Si tratta, fondamentalmente, di recepire quanto previsto dal Cantone di Zurigo e ormai recepito da moltissimi cantoni. E perché oggi? «Per far compiere un salto di qualità alle cure ospedaliere» afferma il direttore del Dss Raffaele De Rosa. Un settore che «ricopre un’importanza centrale e non può lasciare indifferente nessuno, poiché riguarda non solo gli addetti ai lavori ma tutti noi». Ed è forte la soddisfazione di De Rosa nel comunicare che «il dialogo con gli iniziativisti è stato fruttuoso, al punto che davanti alle conclusioni del nostro messaggio governativo è stato detto che se il Gran Consiglio darà luce verde ritireranno l’iniziativa».
Il dottor Brenno Balestra, primo firmatario del testo, ricorda che «le motivazioni principali che hanno spinto un gruppo di professionisti della salute a raccogliere le firme senza l’egida dei partiti erano il fissare il concetto di interesse pubblico, anche per superare una dicotomia tra pubblico e privato che nei fatti non c’è più e di conseguenza occorrono requisiti uguali, e promuovere i concetti di qualità e sicurezza». Perché, riprende Balestra, «in un caso su dieci si incappa in un incidente in corsia, con scambi o dosaggi di medicamenti o eventi avversi come cadute o infezioni contratte in ospedale». Criticità che «nel 50 per cento dei casi sarebbero potenzialmente evitabili se si lavorasse ancor di più sulla sicurezza».

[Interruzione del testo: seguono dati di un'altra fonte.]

(* Let $\mathbb{K}$ be a topological field, $d\in\mathbb{N}$, $F$ a topological $\mathbb{K}$-vector space, $U\subseteq\mathbb{K}^d$ open or of the form $U_1\times\cdots\times U_d$ with $U_i\subseteq\mathbb{K}$ having dense interior, and $f\colon U\to F$. If $f$ is $C^k_{BGN}$ for some $k\in\mathbb{N}_0$, then $f$ is $C^k_{SDS}$. If $\mathbb{K}$ is a valued field, $\sigma>0$ and $f$ is $C^{k,\sigma}_{BGN}$, then $f$ is $C^{k,\sigma}_{SDS}$.
   Context: Topological fields are Hausdorff and non-discrete; vector spaces Hausdorff; a valued field carries an absolute value defining a non-discrete topology. BGN: for $V\subseteq E$ with dense interior, $V^{[1]}=\{(x,y,t)\in V\times E\times\mathbb{K}: x+ty\in V\}$, $V^{]1[}$ its subset with $t\neq0$, $g^{]1[}(x,y,t)=(g(x+ty)-g(x))/t$. $g$ is $C^0_{BGN}$ if continuous, $C^1_{BGN}$ if moreover $g^{]1[}$ extends continuously to $g^{[1]}$ on $V^{[1]}$, $C^k_{BGN}$ if $C^1_{BGN}$ with $g^{[1]}$ $C^{k-1}_{BGN}$; $g^{[k]}=(g^{[1]})^{[k-1]}$, $g^{[0]}=g$. SDS: for $\alpha\in\mathbb{N}_0^d$, write $x\in\mathbb{K}^{d+|\alpha|}$ as $(x^{(1)},\ldots,x^{(d)})$ with $x^{(i)}=(x^{(i)}_0,\ldots,x^{(i)}_{\alpha_i})$; $U^{<\alpha>}$: all $x$ with $(x^{(1)}_{i_1},\ldots,x^{(d)}_{i_d})\in U$ for all $0\le i_\ell\le\alpha_\ell$; $U^{>\alpha<}$: those with pairwise distinct entries within each $x^{(i)}$; $f^{>0<}=f$, $f^{>\alpha<}(x)=\sum_{j_1,\ldots,j_d}\big(\prod_{\ell}\prod_{k_\ell\neq j_\ell}(x^{(\ell)}_{j_\ell}-x^{(\ell)}_{k_\ell})^{-1}\big)f(x^{(1)}_{j_1},\ldots,x^{(d)}_{j_d})$ ($0\le j_\ell,k_\ell\le\alpha_\ell$). $f$ is $C^k_{SDS}$ if continuous and, for every $1\le|\alpha|\le k$, $f^{>\alpha<}$ has a continuous extension $f^{<\alpha>}$ to $U^{<\alpha>}$ ($f^{<0>}=f$). Hölder: a gauge on $E$ is $q\colon E\to[0,\infty[$ with $q(tx)=|t|q(x)$ and $\{q<r\}$ a $0$-neighbourhood for all $r>0$; $g\colon V\to F$ is $C^{0,\sigma}$ if for each $x_0\in V$ and gauge $q$ on $F$ there exist a gauge $p$ on $E$ and a neighbourhood $W$ of $x_0$ in $V$ with $q(g(y)-g(x))\le p(y-x)^\sigma$ on $W$. $C^{k,\sigma}_{BGN}$: $C^k_{BGN}$ with all $f^{[j]}$ ($j\le k$) $C^{0,\sigma}$; $C^{k,\sigma}_{SDS}$: $C^k_{SDS}$ with all $f^{<\alpha>}$ ($|\alpha|\le k$) $C^{0,\sigma}$. *)

From HB Require Import structures.
From mathcomp Require Import all_boot all_order all_algebra.
From mathcomp Require Import all_classical all_reals topology function_spaces exp.
Set Implicit Arguments.
Unset Strict Implicit.
Unset Printing Implicit Defensive.
Import Order.TTheory GRing.Theory Num.Theory.
Local Open Scope classical_set_scope.
Local Open Scope ring_scope.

Ma detto di questi elementi chiesti e che, sebbene già presenti sono stati ‘ufficializzati’, a Balestra preme ricordare anche quello che risponde all’appropriatezza: «Vengono svolti troppi esami di laboratorio, troppe tac, risonanze, terapie. I cittadino medio usa troppi farmaci, i parti cesarei sono ancora tanti». Insomma, per il primo firmatario dell’iniziativa «si stima che il 20-30 per cento dei costi sono portati da prestazioni futili”. Da qui l’invito rivolto ai cittadini, ma soprattutto ai medici, “di usare più appropriatezza perché c’è molto spazio di miglioramento».
Adesso, conclude De Rosa, «la palla è nel campo del Gran Consiglio. La pandemia ha duramente colpito il Ticino, ma lo ha reso anche più sicuro sulla solidarietà e sull’importanza di avere un sistema sanitario efficiente e all’avanguardia».